Both the line below containing "#|a :&: b| = N true" and the line containing "#|a| = #|a'| -> #|b| = #|b'| -> #|c|", along with every line between them, should be repeated exactly; no other line belongs in the answer.

(Collected data)
- - - -

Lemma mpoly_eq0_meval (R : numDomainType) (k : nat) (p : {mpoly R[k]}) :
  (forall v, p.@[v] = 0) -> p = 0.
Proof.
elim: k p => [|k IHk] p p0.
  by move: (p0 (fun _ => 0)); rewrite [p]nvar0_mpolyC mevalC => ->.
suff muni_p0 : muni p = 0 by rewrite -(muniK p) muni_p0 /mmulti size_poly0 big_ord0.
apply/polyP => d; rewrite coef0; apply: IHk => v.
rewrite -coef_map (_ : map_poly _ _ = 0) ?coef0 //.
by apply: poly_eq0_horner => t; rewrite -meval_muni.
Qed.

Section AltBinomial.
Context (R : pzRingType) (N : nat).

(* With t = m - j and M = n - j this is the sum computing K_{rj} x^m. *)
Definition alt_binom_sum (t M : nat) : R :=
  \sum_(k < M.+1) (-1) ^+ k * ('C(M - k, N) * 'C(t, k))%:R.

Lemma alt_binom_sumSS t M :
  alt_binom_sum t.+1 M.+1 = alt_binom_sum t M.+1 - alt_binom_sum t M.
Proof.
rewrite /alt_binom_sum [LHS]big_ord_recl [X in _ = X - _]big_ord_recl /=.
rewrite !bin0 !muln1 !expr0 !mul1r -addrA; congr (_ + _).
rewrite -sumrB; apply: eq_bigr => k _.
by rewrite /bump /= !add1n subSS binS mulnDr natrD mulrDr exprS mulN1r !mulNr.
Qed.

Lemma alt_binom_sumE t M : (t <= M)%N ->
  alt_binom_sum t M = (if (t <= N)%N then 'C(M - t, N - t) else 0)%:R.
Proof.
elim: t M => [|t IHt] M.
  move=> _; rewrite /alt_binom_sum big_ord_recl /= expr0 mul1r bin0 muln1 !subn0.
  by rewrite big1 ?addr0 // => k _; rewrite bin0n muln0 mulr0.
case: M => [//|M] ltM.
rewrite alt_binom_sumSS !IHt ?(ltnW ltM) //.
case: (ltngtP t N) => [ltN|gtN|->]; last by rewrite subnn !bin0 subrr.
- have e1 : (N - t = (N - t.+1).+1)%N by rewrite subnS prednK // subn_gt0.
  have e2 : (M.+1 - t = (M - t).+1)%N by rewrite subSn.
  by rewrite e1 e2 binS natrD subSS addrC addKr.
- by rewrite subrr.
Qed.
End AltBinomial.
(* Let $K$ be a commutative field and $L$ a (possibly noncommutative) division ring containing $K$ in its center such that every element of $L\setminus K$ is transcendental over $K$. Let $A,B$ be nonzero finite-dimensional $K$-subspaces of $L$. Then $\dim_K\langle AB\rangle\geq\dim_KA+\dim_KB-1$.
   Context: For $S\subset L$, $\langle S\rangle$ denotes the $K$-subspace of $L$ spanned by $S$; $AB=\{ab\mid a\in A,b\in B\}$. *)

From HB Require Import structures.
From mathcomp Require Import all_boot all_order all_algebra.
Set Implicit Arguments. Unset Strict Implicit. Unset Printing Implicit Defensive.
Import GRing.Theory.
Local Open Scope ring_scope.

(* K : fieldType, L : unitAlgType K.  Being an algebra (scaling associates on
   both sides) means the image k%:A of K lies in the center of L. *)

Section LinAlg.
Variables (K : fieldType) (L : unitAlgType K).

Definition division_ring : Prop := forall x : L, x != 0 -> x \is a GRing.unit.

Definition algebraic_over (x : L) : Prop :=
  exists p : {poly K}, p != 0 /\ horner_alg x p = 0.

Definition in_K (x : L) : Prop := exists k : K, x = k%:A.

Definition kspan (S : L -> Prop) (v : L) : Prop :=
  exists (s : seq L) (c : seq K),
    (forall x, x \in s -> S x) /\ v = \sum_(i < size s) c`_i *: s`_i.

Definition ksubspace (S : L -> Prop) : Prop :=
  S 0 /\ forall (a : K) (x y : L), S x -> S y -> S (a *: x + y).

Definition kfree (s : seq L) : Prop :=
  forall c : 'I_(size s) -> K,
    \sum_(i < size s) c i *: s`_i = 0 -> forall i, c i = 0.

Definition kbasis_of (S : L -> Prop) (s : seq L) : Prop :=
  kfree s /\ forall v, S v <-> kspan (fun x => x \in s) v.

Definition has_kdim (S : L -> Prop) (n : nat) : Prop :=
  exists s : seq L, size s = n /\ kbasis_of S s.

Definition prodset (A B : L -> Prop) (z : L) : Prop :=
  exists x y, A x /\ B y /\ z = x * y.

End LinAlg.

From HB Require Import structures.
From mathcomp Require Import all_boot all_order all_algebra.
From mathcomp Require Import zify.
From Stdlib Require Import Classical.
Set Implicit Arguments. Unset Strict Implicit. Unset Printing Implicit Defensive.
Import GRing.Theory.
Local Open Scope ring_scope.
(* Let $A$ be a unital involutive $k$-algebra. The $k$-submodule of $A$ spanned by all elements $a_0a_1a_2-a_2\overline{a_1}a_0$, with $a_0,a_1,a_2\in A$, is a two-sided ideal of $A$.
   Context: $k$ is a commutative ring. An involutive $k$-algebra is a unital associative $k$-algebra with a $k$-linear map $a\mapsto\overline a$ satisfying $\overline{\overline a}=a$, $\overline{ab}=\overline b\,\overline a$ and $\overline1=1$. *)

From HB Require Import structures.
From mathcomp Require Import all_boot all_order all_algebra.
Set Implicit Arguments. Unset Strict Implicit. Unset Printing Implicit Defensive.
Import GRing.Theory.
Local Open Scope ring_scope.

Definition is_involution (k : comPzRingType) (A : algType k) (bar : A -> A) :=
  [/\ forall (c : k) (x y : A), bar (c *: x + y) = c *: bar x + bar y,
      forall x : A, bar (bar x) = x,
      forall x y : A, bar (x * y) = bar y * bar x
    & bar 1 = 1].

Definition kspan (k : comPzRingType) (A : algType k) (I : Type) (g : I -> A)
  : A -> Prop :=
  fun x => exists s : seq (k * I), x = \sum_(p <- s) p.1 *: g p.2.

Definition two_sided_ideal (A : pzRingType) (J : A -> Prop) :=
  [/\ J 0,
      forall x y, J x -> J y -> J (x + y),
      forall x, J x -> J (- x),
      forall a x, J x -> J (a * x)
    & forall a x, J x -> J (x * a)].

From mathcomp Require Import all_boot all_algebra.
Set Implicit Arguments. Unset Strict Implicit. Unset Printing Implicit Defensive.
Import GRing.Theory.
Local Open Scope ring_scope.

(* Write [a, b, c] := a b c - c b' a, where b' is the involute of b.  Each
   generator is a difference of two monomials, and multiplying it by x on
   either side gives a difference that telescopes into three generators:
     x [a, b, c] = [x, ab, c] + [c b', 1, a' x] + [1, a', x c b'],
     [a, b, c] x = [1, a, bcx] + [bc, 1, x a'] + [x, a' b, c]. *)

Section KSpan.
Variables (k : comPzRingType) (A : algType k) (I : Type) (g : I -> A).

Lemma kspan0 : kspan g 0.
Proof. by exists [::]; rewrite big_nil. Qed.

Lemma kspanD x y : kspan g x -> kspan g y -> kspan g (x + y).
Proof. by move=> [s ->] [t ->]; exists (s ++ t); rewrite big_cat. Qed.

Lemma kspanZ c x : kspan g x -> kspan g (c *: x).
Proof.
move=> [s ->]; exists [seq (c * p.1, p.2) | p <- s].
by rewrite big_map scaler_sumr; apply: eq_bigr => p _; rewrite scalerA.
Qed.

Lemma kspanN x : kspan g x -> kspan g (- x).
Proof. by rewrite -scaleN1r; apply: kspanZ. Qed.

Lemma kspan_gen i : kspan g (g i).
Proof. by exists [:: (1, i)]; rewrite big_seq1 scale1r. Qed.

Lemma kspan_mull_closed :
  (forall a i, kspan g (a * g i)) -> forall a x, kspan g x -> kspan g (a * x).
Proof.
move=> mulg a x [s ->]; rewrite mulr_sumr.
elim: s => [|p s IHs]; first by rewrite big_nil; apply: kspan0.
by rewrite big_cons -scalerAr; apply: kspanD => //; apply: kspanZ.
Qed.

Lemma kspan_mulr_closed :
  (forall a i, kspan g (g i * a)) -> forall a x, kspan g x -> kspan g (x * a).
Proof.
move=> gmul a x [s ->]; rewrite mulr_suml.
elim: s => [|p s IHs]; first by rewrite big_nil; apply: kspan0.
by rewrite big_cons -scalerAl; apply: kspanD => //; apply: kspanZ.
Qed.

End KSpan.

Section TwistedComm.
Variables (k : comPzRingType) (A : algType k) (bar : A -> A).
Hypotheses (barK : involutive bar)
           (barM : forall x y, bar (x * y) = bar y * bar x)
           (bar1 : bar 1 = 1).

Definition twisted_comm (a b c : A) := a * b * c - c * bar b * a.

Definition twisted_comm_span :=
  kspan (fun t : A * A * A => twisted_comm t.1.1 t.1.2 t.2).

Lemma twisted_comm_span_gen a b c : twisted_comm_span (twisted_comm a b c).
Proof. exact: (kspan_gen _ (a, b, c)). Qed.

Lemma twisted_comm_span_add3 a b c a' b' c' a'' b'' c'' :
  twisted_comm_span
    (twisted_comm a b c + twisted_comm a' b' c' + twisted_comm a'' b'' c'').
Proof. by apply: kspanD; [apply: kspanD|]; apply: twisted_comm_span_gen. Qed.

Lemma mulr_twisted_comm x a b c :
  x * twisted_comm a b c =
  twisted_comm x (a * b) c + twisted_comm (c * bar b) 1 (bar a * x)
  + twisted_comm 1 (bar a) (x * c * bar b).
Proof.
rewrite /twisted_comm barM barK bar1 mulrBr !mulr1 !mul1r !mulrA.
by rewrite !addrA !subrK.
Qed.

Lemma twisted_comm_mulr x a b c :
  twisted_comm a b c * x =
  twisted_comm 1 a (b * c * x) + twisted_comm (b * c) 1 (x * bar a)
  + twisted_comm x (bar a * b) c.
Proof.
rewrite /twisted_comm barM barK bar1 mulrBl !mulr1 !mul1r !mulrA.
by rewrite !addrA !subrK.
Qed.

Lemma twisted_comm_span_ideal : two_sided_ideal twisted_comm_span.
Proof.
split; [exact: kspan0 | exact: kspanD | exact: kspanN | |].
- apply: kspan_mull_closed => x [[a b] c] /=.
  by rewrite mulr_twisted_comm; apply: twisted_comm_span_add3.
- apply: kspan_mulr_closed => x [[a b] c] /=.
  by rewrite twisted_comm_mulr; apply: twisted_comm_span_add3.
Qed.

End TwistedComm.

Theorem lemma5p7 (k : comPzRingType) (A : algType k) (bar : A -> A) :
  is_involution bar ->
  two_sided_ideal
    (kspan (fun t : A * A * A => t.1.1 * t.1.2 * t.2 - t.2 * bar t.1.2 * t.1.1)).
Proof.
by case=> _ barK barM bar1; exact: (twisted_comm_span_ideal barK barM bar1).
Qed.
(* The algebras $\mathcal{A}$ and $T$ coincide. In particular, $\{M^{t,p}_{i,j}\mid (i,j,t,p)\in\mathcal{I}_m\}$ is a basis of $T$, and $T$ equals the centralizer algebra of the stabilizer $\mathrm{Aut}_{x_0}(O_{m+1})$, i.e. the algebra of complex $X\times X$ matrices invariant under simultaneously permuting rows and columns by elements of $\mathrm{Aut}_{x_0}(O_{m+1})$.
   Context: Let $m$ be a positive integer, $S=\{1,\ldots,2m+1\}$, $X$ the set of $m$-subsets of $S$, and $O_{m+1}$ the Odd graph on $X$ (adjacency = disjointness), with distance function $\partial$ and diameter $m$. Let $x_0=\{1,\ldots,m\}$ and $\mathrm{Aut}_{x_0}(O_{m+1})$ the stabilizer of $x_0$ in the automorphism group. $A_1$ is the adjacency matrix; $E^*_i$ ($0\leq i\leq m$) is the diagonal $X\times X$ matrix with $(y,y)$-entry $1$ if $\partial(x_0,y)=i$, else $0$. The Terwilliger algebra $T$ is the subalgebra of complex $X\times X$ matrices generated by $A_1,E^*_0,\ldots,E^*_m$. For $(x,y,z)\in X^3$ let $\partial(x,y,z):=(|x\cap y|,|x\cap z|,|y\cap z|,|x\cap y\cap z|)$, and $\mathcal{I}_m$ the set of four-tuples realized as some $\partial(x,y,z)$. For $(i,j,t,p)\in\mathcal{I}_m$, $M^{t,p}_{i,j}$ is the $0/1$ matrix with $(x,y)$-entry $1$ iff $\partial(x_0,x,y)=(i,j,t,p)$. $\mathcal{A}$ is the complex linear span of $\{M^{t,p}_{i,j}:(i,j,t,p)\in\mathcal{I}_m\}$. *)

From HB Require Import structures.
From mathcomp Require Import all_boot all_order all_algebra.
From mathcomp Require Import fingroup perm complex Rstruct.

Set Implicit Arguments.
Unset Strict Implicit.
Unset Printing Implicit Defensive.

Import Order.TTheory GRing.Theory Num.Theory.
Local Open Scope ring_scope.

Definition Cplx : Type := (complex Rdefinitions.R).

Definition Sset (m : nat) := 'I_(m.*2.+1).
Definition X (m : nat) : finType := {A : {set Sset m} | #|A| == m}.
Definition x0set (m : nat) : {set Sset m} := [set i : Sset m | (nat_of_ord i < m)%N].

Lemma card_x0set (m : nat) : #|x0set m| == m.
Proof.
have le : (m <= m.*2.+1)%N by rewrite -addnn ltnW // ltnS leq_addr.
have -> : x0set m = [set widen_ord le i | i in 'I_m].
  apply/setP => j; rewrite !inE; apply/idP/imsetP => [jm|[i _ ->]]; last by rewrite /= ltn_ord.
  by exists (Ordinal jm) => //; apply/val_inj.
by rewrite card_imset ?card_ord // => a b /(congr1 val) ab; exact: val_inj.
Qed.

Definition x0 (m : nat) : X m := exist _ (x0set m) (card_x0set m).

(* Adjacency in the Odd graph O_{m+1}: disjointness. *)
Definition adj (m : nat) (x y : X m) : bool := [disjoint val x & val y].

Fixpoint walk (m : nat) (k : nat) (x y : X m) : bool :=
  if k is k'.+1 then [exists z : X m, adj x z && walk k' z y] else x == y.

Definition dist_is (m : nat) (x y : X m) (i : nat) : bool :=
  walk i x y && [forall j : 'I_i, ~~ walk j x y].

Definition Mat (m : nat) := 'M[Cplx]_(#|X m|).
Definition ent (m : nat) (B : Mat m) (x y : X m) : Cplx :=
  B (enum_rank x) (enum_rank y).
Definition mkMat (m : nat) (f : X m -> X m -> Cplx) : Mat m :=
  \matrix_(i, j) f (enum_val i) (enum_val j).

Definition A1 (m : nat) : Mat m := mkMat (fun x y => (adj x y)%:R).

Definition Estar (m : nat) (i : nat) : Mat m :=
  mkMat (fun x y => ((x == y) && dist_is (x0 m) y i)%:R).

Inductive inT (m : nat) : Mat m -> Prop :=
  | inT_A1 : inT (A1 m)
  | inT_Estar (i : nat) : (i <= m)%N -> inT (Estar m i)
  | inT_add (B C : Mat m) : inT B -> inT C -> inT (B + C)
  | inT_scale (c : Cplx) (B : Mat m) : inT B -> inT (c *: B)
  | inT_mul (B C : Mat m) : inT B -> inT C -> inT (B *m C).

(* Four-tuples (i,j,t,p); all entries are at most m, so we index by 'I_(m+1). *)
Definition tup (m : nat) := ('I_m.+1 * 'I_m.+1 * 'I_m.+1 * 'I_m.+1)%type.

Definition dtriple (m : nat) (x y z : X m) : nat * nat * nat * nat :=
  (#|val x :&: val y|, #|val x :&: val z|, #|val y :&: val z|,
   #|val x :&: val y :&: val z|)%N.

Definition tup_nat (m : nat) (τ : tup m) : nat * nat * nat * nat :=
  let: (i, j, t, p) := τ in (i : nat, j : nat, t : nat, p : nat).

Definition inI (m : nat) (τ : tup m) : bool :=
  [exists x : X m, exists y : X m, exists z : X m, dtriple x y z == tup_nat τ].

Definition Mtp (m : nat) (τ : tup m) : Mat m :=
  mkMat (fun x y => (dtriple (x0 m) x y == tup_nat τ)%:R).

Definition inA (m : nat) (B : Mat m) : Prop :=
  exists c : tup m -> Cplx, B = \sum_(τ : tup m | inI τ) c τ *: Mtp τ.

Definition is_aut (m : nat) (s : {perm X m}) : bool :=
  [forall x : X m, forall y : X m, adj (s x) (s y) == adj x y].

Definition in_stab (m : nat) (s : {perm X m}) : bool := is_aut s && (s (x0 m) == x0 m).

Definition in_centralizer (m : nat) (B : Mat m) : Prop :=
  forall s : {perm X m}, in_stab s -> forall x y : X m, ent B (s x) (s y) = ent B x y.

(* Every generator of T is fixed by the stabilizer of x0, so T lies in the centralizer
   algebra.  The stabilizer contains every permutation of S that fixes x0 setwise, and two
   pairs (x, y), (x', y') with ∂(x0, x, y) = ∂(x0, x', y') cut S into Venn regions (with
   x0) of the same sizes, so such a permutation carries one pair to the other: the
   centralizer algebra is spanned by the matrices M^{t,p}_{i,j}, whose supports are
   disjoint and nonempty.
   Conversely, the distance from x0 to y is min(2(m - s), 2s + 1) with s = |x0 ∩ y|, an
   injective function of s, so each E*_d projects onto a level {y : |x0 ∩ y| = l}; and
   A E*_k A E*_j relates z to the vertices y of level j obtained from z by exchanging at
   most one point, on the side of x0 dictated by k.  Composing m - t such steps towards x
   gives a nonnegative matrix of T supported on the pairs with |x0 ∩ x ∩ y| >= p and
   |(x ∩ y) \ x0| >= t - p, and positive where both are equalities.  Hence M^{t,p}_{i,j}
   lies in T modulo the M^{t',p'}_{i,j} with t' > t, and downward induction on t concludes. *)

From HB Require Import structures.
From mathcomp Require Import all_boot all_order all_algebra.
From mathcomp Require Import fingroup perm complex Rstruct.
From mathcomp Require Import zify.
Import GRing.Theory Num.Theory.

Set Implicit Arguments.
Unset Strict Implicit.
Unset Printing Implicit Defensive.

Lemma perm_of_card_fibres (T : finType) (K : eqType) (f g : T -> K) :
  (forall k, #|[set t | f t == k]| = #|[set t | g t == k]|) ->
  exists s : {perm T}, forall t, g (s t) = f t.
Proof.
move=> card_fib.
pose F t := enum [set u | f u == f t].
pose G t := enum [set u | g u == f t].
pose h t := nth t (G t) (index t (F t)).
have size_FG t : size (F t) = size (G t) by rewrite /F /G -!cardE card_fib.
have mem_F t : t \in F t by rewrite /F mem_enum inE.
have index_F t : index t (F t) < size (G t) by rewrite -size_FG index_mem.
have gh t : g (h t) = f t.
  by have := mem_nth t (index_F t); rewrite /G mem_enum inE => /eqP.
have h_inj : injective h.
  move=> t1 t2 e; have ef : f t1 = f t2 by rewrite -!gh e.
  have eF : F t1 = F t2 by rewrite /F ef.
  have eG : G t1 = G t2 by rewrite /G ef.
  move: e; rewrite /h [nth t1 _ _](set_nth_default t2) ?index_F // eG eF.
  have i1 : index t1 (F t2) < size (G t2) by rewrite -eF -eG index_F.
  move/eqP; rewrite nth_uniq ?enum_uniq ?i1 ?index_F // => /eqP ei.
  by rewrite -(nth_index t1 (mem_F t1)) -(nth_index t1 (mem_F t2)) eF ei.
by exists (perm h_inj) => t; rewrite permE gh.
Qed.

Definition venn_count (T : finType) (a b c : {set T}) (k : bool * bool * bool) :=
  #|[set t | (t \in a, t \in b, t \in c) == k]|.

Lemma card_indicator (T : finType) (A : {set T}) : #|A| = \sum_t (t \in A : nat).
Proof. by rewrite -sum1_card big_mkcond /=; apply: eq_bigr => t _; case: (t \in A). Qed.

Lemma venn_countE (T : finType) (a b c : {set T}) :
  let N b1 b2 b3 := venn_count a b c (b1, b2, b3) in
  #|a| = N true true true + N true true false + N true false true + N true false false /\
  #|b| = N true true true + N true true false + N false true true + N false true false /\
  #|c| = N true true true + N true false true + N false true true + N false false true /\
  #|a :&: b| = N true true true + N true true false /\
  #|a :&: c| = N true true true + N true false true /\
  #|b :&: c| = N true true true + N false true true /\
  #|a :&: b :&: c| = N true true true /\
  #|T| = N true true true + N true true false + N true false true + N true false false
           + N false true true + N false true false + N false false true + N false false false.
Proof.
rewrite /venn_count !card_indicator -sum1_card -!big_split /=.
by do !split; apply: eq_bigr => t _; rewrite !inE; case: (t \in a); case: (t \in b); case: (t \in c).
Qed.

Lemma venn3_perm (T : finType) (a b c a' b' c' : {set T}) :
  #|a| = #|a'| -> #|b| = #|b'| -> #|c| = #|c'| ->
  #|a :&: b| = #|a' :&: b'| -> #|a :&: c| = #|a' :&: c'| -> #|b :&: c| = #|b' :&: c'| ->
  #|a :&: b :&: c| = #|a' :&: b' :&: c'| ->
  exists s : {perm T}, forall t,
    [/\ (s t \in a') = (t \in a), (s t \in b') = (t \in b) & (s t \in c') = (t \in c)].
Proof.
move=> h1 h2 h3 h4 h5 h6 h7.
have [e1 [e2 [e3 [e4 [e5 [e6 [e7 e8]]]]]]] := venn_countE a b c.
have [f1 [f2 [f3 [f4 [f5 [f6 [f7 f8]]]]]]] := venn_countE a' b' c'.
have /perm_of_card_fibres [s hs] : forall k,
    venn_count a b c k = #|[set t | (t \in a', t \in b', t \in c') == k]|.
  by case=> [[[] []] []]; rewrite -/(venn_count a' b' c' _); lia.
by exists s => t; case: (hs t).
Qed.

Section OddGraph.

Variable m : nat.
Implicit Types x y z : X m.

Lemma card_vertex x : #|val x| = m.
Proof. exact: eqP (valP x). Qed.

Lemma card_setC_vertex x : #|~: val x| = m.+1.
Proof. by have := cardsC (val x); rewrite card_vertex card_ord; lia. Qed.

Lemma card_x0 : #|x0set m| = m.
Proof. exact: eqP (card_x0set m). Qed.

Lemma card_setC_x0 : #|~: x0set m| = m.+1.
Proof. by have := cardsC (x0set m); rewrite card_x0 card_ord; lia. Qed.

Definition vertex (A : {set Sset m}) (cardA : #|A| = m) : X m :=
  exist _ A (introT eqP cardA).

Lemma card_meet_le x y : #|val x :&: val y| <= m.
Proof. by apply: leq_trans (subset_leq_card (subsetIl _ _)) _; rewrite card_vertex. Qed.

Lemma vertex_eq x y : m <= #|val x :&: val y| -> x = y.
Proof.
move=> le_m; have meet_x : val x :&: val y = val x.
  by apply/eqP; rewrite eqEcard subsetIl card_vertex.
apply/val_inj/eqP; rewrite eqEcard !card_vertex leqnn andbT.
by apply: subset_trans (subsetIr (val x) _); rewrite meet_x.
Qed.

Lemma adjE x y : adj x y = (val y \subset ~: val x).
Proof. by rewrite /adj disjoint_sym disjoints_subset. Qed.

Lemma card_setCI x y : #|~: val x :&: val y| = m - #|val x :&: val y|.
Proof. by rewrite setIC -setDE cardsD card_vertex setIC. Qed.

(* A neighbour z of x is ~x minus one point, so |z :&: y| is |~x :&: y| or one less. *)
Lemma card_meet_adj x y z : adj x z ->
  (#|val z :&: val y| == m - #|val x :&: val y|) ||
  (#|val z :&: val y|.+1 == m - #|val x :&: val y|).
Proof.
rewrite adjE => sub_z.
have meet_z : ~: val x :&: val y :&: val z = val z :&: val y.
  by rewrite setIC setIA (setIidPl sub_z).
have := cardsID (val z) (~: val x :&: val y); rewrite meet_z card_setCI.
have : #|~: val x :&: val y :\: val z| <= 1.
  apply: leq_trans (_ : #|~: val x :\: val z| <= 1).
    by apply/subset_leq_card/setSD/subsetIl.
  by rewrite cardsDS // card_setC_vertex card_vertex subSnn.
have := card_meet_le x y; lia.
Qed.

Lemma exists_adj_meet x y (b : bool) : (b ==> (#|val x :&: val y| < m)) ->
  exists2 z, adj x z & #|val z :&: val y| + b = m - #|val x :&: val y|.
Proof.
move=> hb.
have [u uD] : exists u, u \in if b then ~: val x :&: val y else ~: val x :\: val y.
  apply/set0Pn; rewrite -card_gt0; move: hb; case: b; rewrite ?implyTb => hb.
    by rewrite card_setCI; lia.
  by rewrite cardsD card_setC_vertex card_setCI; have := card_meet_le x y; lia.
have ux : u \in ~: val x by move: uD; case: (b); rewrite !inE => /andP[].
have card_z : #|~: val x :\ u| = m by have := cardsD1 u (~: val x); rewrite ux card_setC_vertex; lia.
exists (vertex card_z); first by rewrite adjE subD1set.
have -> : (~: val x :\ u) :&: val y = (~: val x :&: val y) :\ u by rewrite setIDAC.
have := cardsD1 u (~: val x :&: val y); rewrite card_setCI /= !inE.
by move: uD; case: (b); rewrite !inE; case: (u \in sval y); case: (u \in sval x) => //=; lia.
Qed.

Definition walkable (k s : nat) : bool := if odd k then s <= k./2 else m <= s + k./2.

- - - -

ANSWER SPACE
  #|a :&: b| = N true true true + N true true false /\
  #|a :&: c| = N true true true + N true false true /\
  #|b :&: c| = N true true true + N false true true /\
  #|a :&: b :&: c| = N true true true /\
  #|T| = N true true true + N true true false + N true false true + N true false false
           + N false true true + N false true false + N false false true + N false false false.
Proof.
rewrite /venn_count !card_indicator -sum1_card -!big_split /=.
by do !split; apply: eq_bigr => t _; rewrite !inE; case: (t \in a); case: (t \in b); case: (t \in c).
Qed.

Lemma venn3_perm (T : finType) (a b c a' b' c' : {set T}) :
  #|a| = #|a'| -> #|b| = #|b'| -> #|c| = #|c'| ->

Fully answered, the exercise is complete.